Copy each line of the entries that contains the word "zmodType".

─── TASK DATA

(* The element y lies in
   the kernel of q : z |-> \sum_l (r_l + r'_l) z_l; writing y = psi Y for a
   generating map psi of ker q, the terms of w become a witness over Y,
   because the contribution of the two removed terms is killed by q psi = 0. *)
Lemma trivial_of_cancelled_witness m (y : 'I_m -> M) (b : B) (r r' : 'I_m -> M -> M)
    (w : seq (B * M * ('I_m -> M -> M))) :
  (forall l, isEnd (r l)) -> (forall l, isEnd (r' l)) ->
  \sum_l (r l (y l) + r' l (y l)) = 0 ->
  (forall e, e \in w -> (forall l, isEnd (e.2 l)) /\ e.1.2 = \sum_l e.2 l (y l)) ->
  (forall l, act b (r l) + act b (r' l) + \sum_(e <- w) act e.1.1 (e.2 l) = 0) ->
  trivial_sum act (map fst w).
Proof.
move=> Hr Hr' ry0 Hw Hsum.
case: (posnP m) => [m0 | m_gt0].
  by exists m, y, w; split => // -[l Hl]; exfalso; rewrite m0 in Hl.
pose q (z : Mn m) := \sum_l (r l (z l) + r' l (z l)).
have Hq : rlinear q.
  apply: rlin_sumf => l; apply: rlin_add.
  - exact: rlin_comp (Hr l) (rlin_coord l).
  - exact: rlin_comp (Hr' l) (rlin_coord l).
have [m1 [_ [psi [Hpsi ker_q]]]] := ker_fg m_gt0 Hq.
have [Y psiY] : exists Y, psi Y = [ffun l => y l].
  by apply/ker_q; rewrite /q; under eq_bigr do rewrite ffunE.
pose P l l' v := psi (inj_at l' v) l.
have HP l l' : isEnd (P l l').
  exact: (rlin_app (phi := fun v => psi (inj_at l' v))) (rlin_comp Hpsi (rlin_inj_at l')).
have y_Y l : y l = \sum_l' P l l' (Y l').
  by rewrite -[y l](ffunE (fun l => y l)) -psiY (rlin_decompose_coord _ _ Hpsi).
exists m1, (fun l' => Y l'),
  [seq ((e.1, fun l' v => \sum_l e.2 l (P l l' v)) : B * M * ('I_m1 -> M -> M)) | e <- w]; split.
- by rewrite -map_comp; exact: perm_refl.
- move=> _ /mapP [e /Hw [He Hx] ->] /=; rewrite Hx; split.
    by move=> l'; apply: rlin_sumf => l; exact: rlin_comp (He l) (HP l l').
  rewrite exchange_big; apply: eq_bigr => l _.
  by rewrite y_Y (rlin_sum (He l)).
- move=> l'; rewrite big_map (act_sum_rows act_right) => [|e /Hw[] //|l]; last exact: HP.
  have Ew l : \sum_(e <- w) act e.1.1 (e.2 l) = - (act b (r l) + act b (r' l)).
    by apply/eqP; rewrite -addr_eq0 addrC Hsum.
  under eq_bigr do rewrite Ew.
  apply: cancelled_terms_vanish => // v.
  by apply/(ker_q (psi (inj_at l' v))).2; exists (inj_at l' v).
Qed.

Lemma trivial_cancel_pair A b x :
  trivial_sum act (A ++ [:: (b, x); (b, - x)]) -> trivial_sum act A.
Proof.
move=> [m [y [w [wP wH wS]]]].
have wP' : perm_eq (map fst w) ((b, x) :: (b, - x) :: A).
  by apply: (perm_trans wP); rewrite perm_catC; exact: perm_refl.
have [e1 e1P [w1 ww1 w1P]] := perm_map_cons wP'.
have [e2 e2P [w2 w1w2 w2P]] := perm_map_cons w1P.
have ww : perm_eq w [:: e1, e2 & w2] by apply: (perm_trans ww1); rewrite perm_cons.
have e1w : e1 \in w by rewrite (perm_mem ww) mem_head.
have e2w : e2 \in w by rewrite (perm_mem ww) !inE eqxx orbT.
apply: (trivial_perm w2P).
apply: (trivial_of_cancelled_witness (y := y) (b := b) (r := e1.2) (r' := e2.2)).
- exact: (wH e1 e1w).1.
- exact: (wH e2 e2w).1.
- by rewrite big_split /= -(wH e1 e1w).2 -(wH e2 e2w).2 e1P e2P subrr.
- by move=> e e_w2; apply: wH; rewrite (perm_mem ww) !inE e_w2 !orbT.
- by move=> l; rewrite -addrA; have := wS l; rewrite (perm_big _ ww) !big_cons e1P e2P; apply.
Qed.

Lemma trivial_cancel A u : trivial_sum act (A ++ u ++ neg_terms u) -> trivial_sum act A.
Proof.
elim: u A => [|[b x] u IH] A; first by rewrite cats0.
move=> H; apply: IH; apply: (trivial_cancel_pair (b := b) (x := x)).
apply: (trivial_perm _ H); apply/permP => p.
by rewrite /= /neg_terms /= !count_cat /= !count_cat /=; lia.
Qed.
End Cancellation.

(* Under (ii), B (x)_S M is the quotient of the lists of pairs (b, x) by the
   congruence "the difference is a trivial sum"; a sum that vanishes in it,
   hence one that vanishes under every balanced map, is trivial. *)
Section TensorProduct.
Variables (R : nzRingType) (M : lmodType R^c).
Hypothesis ker_fg : kernels_fin_M_gen M.
Variables (B : zmodType) (act : B -> (M -> M) -> B).
Hypothesis act_right : right_S_action act.
Local Notation terms := (seq (B * M)).

Definition tensor_eqv (u v : terms) := trivial_sum act (u ++ neg_terms v).

Lemma tensor_eqv_refl u : tensor_eqv u u.
Proof. exact: (trivial_cat_neg act_right). Qed.

Lemma tensor_eqv_sym u v : tensor_eqv u v -> tensor_eqv v u.
Proof.
move=> /(trivial_neg act_right); rewrite neg_terms_cat neg_termsK.
by apply: trivial_perm; rewrite perm_catC.
Qed.

Lemma tensor_eqv_trans u v w : tensor_eqv u v -> tensor_eqv v w -> tensor_eqv u w.
Proof.
move=> uv vw; apply: (trivial_cancel ker_fg act_right (u := v)).
apply: (trivial_perm _ (trivial_cat act_right uv vw)).
by apply/permP => p; rewrite !count_cat; lia.
Qed.

Lemma tensor_eqv_cat x x' y y' :
  tensor_eqv x x' -> tensor_eqv y y' -> tensor_eqv (x ++ y) (x' ++ y').
Proof.
move=> xx' yy'; apply: (trivial_perm _ (trivial_cat act_right xx' yy')).
by apply/permP => p; rewrite !neg_terms_cat !count_cat; lia.
Qed.

Lemma tensor_eqv_neg x x' : tensor_eqv x x' -> tensor_eqv (neg_terms x) (neg_terms x').
Proof. by move=> /(trivial_neg act_right); rewrite /tensor_eqv neg_terms_cat. Qed.

Lemma tensor_eqv_perm x y : perm_eq x y -> tensor_eqv x y.
Proof.
move=> xy; apply: (trivial_perm _ (tensor_eqv_refl x)).
by rewrite perm_cat2l /neg_terms perm_map.
Qed.

Lemma tensor_eqv_catA x y z : tensor_eqv (x ++ (y ++ z)) ((x ++ y) ++ z).
Proof. by rewrite catA; exact: tensor_eqv_refl. Qed.

Lemma tensor_eqv_catC x y : tensor_eqv (x ++ y) (y ++ x).
Proof. by apply: tensor_eqv_perm; rewrite perm_catC. Qed.

Lemma tensor_eqv_nil x : tensor_eqv ([::] ++ x) x.
Proof. exact: tensor_eqv_refl. Qed.

Lemma tensor_eqv_negK x : tensor_eqv (neg_terms x ++ x) [::].
Proof. by apply: (trivial_perm _ (tensor_eqv_refl x)); rewrite cats0 perm_catC. Qed.

Definition tensor : zmodType :=
  eqv_quotient tensor_eqv_refl tensor_eqv_sym tensor_eqv_trans tensor_eqv_cat tensor_eqv_neg
    tensor_eqv_catA tensor_eqv_catC tensor_eqv_nil tensor_eqv_negK.

Definition tensor_of (s : terms) : tensor :=
  to_eqv_quotient tensor_eqv_refl tensor_eqv_sym tensor_eqv_trans tensor_eqv_cat tensor_eqv_neg
    tensor_eqv_catA tensor_eqv_catC tensor_eqv_nil tensor_eqv_negK s.

Definition tmul (b : B) (x : M) : tensor := tensor_of [:: (b, x)].

Lemma tensor_of_cat s t : tensor_of (s ++ t) = tensor_of s + tensor_of t.
Proof. exact: to_eqv_quotientD. Qed.

Lemma tensor_of_sum I (r : seq I) (F : I -> B * M) :
  \sum_(i <- r) tmul (F i).1 (F i).2 = tensor_of (map F r).
Proof.
elim: r => [|i r IH]; first by rewrite big_nil; exact: to_eqv_quotient0.
by rewrite big_cons IH /tmul -tensor_of_cat -surjective_pairing.
Qed.

Lemma tmul_balanced : S_balanced act tmul.
Proof.
split; [|split] => [a b x | a x y | a s x Hs]; rewrite /tmul -?tensor_of_cat;
  apply: to_eqv_quotient_eq.
- exact: (trivial_addl act_right).
- exact: (trivial_addr act_right).
- exact: (trivial_act act_right).
Qed.

Lemma trivial_of_tensor_zero n (b : 'I_n -> B) (x : 'I_n -> M) :
  tensor_zero act b x -> trivial_sum act [seq (b k, x k) | k <- index_enum 'I_n].
Proof.
move=> /(_ tensor tmul tmul_balanced).
rewrite (tensor_of_sum _ (fun k => (b k, x k))) => /(to_eqv_quotient_inj (u := [::])).
by rewrite /tensor_eqv cats0.
Qed.
End TensorProduct.

(* Trivial sums pull back along an injective S-linear map f : A -> B: the
   coefficients b_k of a witness all lie in the image of f. *)
Section Pullback.
Variables (R : nzRingType) (M : lmodType R^c).
Variables (A : zmodType) (actA : A -> (M -> M) -> A).
Variables (B : zmodType) (actB : B -> (M -> M) -> B) (f : A -> B).
Hypotheses (fD : forall a b, f (a + b) = f a + f b)
  (f_act : forall a s, isEnd s -> f (actA a s) = actB (f a) s) (f_inj : injective f).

──────

* **PROBLEM SOLUTION**:
Variables (B : zmodType) (act : B -> (M -> M) -> B).
Definition tensor : zmodType :=
Variables (A : zmodType) (actA : A -> (M -> M) -> A).
Variables (B : zmodType) (actB : B -> (M -> M) -> B) (f : A -> B).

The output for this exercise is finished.